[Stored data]

++++++++++

Lemma AnyPwr_cvg1 (d : nat -> measure_display) (T : forall n, measurableType (d n))
    (P : forall n, probability (T n) R) (X : forall n, 'I_n -> {RV (P n) >-> R})
    (rho : nat -> nat -> R) (t : R) (q : nat -> R) :
  (forall n, jointly_gaussian (X n) (mu n) rho) -> (forall i, rho i i = 1) ->
  0 < t -> (forall n, (0 < n)%N -> t / n%:R <= 1 - q n) ->
  (fun n => AnyPwr (X n) (mu n) (Phi_inv (q n))) @ \oo --> 1%E.
Proof.
move=> JG rho_diag t0 hq.
have b0 := b_gt0; have b1 := b_lt1.
have w0 : 0 < 1 - b ^+ 2 by rewrite subr_gt0 expr_lt1 ?ltW.
(* 1 - s^-2 = (1 + b^2) / 2 lies strictly between b^2 and 1. *)
pose s := Num.sqrt (2 / (1 - b ^+ 2)).
have s2 : s ^+ 2 = 2 / (1 - b ^+ 2) by rewrite sqr_sqrtr // divr_ge0 ?ltW.
have hs : s^-2 = (1 - b ^+ 2) / 2 by rewrite s2 invf_div.
have s1 : 1 < s.
  have : 1 < s ^+ 2 by rewrite s2 ltr_pdivlMr //; nra.
  have := sqrtr_ge0 (2 / (1 - b ^+ 2)); rewrite -/s; nra.
apply: cvg_EFin; first by apply: nearW => n; exact: AnyPwr_fin_num.
apply/cvgrPdist_le => eps eps0.
have [Y Y0 tailY] := gauss_tail_bound_small s1 eps0.
near=> n.
have n1_gt0 : (0 < n1_of (mu n))%N.
  by rewrite -(ltr0n R) (lt_le_trans ltr01) //; near: n; exact: n1_ge_near.
have [i iF Mi] := mu_max_attained n1_gt0.
have cutoff : Phi_inv (q n) <= mu n i - Y.
  by rewrite -Mi; near: n; exact: cutoff_le_mu_max_near (ltW s1) hs t0 hq Y0.
have lb := AnyPwr_ge_tail (JG n) (rho_diag i) iF (ltW s1) Y0 cutoff.
have ub := AnyPwr_le1 (X n) (mu n) (Phi_inv (q n)).
move: lb ub; rewrite -(fineK (AnyPwr_fin_num _ _ _)) !lee_fin => lb ub.
rewrite ger0_norm ?subr_ge0 //=; lra.
Unshelve. all: by end_near.
Qed.

End Asymptotics.

Theorem theorem4p1 (R : realType) (alpha : R) (rho : nat -> nat -> R)
    (d : nat -> measure_display) (T : forall n, measurableType (d n))
    (P : forall n, probability (T n) R)
    (mu : forall n, 'I_n -> R)
    (X : forall n, 'I_n -> {RV (P n) >-> R}) (p1 : R) :
  0 < alpha < 1 ->
  correlation_array rho ->
  weakly_dependent rho ->
  (forall n (i : 'I_n), 0 <= mu n i) ->
  (forall n, jointly_gaussian (X n) (mu n) rho) ->
  (fun n => (n1_of (mu n))%:R : R) @ \oo --> +oo ->
  0 < p1 <= 1 ->
  (fun n => (n1_of (mu n))%:R / n%:R : R) @ \oo --> p1 ->
  (exists2 L : R, L < 1 &
     (fun n => Num.sqrt (2 * ln (n1_of (mu n))%:R) / mu_max (mu n))
       @ \oo --> L) ->
  (fun n => AnyPwr (X n) (mu n) (c_Bon n alpha)) @ \oo --> 1%E /\
  (fun n => AnyPwr (X n) (mu n) (c_Sid n alpha)) @ \oo --> 1%E.
Proof.
move=> /andP[a0 a1] [_ rho_diag _ _] _ _ JG n1_cvgy /andP[p1_gt0 _] n1_ratio_cvg.
move=> [L L_lt1 ratio_cvg].
pose b := (Num.max L 0 + 1) / 2.
have [b_gt0 b_lt1 L_lt_b] : [/\ 0 < b, b < 1 & L < b].
  have : L <= Num.max L 0 by rewrite le_max lexx.
  have : 0 <= Num.max L 0 by rewrite le_max lexx orbT.
  have : Num.max L 0 < 1 by rewrite gt_max L_lt1 ltr01.
  by rewrite /b; split; lra.
have ratio_lt : \forall n \near \oo,
    Num.sqrt (2 * ln (n1_of (mu n))%:R) / mu_max (mu n) < b.
  exact: cvgr_lt ratio_cvg _ L_lt_b.
have AnyPwr_cvg := AnyPwr_cvg1 mu p1 b n1_cvgy p1_gt0 n1_ratio_cvg b_gt0 b_lt1
  ratio_lt d T P X rho _ _ JG rho_diag.
have ln_gt0 : 0 < - ln (1 - alpha) by rewrite oppr_gt0 ln_lt0 //; apply/andP; lra.
split; first by apply: AnyPwr_cvg ln_gt0 _ => n _; lra.
apply: (AnyPwr_cvg ((1 - alpha) * - ln (1 - alpha))).
  by rewrite mulr_gt0 // subr_gt0.
move=> n n_gt0; apply: one_sub_powR_ge; apply/andP; split; try lra.
- by rewrite invr_ge0.
- by rewrite invf_le1 ?ler1n ?ltr0n.
Qed.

++++++++++

TASK DESCRIPTION — Looking at the records above, work out how many lines contain "exact". Give the number only.

EXERCISE SOLUTION — 4